--- Material for the task ---

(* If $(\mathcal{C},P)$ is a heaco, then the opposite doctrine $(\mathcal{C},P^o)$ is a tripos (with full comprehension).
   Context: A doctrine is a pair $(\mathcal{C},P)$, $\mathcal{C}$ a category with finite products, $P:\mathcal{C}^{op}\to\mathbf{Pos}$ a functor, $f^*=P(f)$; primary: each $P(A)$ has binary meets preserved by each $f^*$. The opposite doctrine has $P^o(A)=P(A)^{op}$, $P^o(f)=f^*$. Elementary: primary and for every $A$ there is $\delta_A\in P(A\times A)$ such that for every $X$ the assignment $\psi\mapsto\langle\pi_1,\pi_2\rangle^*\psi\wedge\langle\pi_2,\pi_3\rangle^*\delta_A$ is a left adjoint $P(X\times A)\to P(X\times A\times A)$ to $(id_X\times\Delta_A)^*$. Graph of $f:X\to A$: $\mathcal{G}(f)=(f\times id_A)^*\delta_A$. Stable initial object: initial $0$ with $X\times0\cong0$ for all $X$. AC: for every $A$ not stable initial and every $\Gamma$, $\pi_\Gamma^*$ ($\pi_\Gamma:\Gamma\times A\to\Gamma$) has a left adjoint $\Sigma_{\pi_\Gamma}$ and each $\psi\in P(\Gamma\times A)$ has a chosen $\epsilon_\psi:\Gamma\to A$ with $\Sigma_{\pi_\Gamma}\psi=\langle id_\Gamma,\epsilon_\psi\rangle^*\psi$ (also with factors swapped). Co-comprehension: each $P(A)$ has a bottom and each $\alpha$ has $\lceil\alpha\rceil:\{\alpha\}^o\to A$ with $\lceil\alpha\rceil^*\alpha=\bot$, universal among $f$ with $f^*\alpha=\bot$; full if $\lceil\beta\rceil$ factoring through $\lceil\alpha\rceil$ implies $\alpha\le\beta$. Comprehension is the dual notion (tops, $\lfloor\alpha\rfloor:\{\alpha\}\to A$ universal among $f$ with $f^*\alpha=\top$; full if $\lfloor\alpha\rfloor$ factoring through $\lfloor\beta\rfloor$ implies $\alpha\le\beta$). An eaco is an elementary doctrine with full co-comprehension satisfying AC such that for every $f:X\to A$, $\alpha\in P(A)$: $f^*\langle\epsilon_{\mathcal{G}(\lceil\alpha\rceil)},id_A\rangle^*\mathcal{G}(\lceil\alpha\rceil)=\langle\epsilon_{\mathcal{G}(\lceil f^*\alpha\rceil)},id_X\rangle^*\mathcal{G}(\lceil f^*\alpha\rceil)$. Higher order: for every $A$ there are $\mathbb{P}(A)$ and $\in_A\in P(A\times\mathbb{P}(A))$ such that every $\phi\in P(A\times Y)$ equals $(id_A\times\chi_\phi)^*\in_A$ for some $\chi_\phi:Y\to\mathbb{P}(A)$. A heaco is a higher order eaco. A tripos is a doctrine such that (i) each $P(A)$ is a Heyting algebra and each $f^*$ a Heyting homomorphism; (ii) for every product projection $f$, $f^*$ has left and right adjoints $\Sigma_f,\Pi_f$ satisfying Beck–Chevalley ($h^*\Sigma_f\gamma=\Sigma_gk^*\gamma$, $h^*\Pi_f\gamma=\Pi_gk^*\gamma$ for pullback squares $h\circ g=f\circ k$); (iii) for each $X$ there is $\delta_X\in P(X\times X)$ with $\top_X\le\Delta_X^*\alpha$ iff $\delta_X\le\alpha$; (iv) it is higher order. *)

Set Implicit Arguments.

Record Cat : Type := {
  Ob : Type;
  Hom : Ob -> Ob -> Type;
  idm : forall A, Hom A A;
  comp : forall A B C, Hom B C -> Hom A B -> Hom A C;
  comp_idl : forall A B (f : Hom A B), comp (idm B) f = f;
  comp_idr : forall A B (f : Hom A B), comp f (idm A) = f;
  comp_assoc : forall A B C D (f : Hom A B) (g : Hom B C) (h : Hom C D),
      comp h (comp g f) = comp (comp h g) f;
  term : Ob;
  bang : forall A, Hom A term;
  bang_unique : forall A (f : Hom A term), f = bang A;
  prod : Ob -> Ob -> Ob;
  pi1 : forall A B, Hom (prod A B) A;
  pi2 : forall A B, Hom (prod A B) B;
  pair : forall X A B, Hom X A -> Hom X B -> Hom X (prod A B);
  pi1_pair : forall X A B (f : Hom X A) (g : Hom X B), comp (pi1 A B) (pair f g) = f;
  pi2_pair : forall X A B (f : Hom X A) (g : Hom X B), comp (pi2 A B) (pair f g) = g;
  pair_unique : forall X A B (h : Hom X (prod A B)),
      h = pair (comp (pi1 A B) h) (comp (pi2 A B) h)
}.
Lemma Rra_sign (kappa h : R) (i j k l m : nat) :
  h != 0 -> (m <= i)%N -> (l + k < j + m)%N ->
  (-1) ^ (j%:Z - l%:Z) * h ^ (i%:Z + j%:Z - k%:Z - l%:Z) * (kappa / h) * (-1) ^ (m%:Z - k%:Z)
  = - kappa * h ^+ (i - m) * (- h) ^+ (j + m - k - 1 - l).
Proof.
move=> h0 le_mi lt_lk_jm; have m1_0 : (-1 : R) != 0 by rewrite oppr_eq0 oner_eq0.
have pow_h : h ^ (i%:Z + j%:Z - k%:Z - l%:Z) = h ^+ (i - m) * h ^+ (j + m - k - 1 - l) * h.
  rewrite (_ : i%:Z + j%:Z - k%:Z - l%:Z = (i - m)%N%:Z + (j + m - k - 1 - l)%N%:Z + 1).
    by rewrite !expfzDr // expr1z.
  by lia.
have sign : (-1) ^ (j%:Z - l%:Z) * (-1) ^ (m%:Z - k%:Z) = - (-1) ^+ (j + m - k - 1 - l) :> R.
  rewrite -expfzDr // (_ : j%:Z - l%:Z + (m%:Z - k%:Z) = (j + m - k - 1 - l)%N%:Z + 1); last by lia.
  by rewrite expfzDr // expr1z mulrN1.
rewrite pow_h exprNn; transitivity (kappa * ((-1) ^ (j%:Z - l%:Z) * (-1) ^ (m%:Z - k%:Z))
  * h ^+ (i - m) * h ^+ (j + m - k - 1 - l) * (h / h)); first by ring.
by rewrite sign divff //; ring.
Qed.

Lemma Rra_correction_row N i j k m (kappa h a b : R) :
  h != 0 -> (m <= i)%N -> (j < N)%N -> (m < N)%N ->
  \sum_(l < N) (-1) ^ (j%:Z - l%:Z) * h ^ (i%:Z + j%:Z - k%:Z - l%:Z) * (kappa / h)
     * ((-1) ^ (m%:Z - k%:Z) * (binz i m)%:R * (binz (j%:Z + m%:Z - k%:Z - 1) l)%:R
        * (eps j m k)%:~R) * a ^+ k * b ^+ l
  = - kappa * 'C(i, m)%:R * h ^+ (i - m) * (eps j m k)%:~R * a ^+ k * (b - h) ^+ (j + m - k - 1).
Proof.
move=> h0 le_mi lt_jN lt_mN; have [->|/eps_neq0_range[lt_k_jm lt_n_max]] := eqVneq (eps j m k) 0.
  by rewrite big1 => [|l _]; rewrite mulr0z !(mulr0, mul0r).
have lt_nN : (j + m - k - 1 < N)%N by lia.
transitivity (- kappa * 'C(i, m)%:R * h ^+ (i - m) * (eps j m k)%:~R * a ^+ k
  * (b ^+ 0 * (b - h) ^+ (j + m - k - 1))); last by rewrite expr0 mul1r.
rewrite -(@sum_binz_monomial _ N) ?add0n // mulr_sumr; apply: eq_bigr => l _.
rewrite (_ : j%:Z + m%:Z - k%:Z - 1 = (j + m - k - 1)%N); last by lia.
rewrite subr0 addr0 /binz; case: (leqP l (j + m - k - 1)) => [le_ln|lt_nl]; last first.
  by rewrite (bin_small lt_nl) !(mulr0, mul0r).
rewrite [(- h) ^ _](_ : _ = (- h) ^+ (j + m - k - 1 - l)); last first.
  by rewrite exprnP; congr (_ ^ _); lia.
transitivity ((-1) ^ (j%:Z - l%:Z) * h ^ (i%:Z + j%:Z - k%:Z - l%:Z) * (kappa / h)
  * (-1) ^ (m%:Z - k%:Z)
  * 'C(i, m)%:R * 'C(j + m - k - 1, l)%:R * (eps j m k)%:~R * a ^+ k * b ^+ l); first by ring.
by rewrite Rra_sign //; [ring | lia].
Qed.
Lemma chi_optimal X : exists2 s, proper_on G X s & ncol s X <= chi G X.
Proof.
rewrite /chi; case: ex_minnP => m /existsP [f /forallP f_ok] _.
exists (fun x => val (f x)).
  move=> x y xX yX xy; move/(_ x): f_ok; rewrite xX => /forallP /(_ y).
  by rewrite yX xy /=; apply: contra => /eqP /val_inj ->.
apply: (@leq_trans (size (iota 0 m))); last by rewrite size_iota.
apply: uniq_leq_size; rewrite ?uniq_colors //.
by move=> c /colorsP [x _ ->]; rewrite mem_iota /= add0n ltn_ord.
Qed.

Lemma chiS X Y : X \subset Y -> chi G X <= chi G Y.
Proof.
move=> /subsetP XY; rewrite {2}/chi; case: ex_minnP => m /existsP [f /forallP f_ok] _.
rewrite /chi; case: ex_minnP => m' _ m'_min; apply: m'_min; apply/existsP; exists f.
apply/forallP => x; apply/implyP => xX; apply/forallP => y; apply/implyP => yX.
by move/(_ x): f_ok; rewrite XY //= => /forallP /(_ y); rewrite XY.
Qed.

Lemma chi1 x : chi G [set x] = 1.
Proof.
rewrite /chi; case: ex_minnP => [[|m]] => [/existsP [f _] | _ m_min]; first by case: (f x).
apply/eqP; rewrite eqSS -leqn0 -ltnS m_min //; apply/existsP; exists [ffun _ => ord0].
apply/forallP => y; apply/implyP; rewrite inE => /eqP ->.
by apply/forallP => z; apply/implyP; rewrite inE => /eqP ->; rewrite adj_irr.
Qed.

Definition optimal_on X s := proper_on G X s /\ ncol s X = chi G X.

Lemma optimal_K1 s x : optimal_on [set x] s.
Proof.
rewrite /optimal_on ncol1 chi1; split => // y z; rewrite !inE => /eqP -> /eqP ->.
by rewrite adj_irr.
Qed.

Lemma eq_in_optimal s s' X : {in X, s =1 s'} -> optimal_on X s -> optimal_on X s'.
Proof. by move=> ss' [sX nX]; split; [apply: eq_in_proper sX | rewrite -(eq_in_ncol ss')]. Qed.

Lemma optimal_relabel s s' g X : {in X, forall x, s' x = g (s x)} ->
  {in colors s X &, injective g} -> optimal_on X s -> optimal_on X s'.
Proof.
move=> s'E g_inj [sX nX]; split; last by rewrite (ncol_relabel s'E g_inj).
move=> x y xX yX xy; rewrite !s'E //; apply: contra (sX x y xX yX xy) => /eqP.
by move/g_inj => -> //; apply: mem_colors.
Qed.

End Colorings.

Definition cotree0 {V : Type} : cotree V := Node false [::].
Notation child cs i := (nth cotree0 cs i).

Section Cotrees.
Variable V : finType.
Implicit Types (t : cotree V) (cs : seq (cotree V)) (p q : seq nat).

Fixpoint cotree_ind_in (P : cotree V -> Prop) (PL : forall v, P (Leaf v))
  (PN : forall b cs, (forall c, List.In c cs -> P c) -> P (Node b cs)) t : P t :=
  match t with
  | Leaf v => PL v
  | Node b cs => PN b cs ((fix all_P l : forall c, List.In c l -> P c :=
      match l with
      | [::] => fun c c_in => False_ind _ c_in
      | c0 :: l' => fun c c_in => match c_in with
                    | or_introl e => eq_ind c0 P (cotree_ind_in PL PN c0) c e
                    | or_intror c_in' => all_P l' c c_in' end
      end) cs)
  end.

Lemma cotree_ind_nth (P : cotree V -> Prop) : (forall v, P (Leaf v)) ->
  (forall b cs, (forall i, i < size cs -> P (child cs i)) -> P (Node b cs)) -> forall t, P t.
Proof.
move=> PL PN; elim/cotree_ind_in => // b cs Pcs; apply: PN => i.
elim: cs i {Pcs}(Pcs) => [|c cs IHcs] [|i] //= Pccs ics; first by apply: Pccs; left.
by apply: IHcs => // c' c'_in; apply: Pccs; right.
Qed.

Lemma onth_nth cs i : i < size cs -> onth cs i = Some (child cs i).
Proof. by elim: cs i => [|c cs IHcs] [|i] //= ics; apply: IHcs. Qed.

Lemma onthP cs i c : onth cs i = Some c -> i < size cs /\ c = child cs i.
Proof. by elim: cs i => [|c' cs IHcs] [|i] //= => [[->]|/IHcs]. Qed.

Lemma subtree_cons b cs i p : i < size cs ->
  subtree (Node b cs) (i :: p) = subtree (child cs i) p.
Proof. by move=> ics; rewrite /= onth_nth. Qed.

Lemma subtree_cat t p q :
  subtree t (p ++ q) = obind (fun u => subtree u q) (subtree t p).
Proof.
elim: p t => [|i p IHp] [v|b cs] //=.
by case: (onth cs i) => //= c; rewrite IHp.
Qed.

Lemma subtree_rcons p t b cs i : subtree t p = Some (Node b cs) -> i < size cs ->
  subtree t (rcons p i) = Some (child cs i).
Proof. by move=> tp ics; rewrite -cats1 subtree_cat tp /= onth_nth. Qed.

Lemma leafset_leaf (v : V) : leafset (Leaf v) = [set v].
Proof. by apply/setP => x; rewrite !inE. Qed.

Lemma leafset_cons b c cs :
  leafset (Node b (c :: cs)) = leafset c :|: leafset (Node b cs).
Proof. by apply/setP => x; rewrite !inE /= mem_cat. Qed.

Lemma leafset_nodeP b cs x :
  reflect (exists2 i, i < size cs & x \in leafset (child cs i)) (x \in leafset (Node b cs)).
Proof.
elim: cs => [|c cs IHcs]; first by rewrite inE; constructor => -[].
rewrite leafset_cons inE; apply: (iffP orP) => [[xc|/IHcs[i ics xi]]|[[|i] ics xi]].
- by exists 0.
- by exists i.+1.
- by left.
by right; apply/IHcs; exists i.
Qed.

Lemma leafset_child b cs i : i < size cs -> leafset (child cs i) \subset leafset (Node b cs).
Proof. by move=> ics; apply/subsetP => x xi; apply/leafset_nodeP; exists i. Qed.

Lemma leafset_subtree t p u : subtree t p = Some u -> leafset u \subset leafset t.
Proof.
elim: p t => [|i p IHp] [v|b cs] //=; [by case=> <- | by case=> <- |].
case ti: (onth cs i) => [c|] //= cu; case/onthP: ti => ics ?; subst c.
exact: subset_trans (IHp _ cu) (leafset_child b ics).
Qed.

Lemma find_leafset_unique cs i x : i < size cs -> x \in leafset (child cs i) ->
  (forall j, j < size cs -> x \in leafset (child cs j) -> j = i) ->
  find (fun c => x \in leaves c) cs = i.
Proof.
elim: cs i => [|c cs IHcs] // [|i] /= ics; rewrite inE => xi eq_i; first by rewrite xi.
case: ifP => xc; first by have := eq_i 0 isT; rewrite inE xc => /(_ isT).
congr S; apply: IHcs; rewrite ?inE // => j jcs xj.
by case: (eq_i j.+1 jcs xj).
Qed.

---

Would you filter the records and copy each line that contains the word "expfzDr"?

    by rewrite !expfzDr // expr1z.
  rewrite -expfzDr // (_ : j%:Z - l%:Z + (m%:Z - k%:Z) = (j + m - k - 1 - l)%N%:Z + 1); last by lia.
  by rewrite expfzDr // expr1z mulrN1.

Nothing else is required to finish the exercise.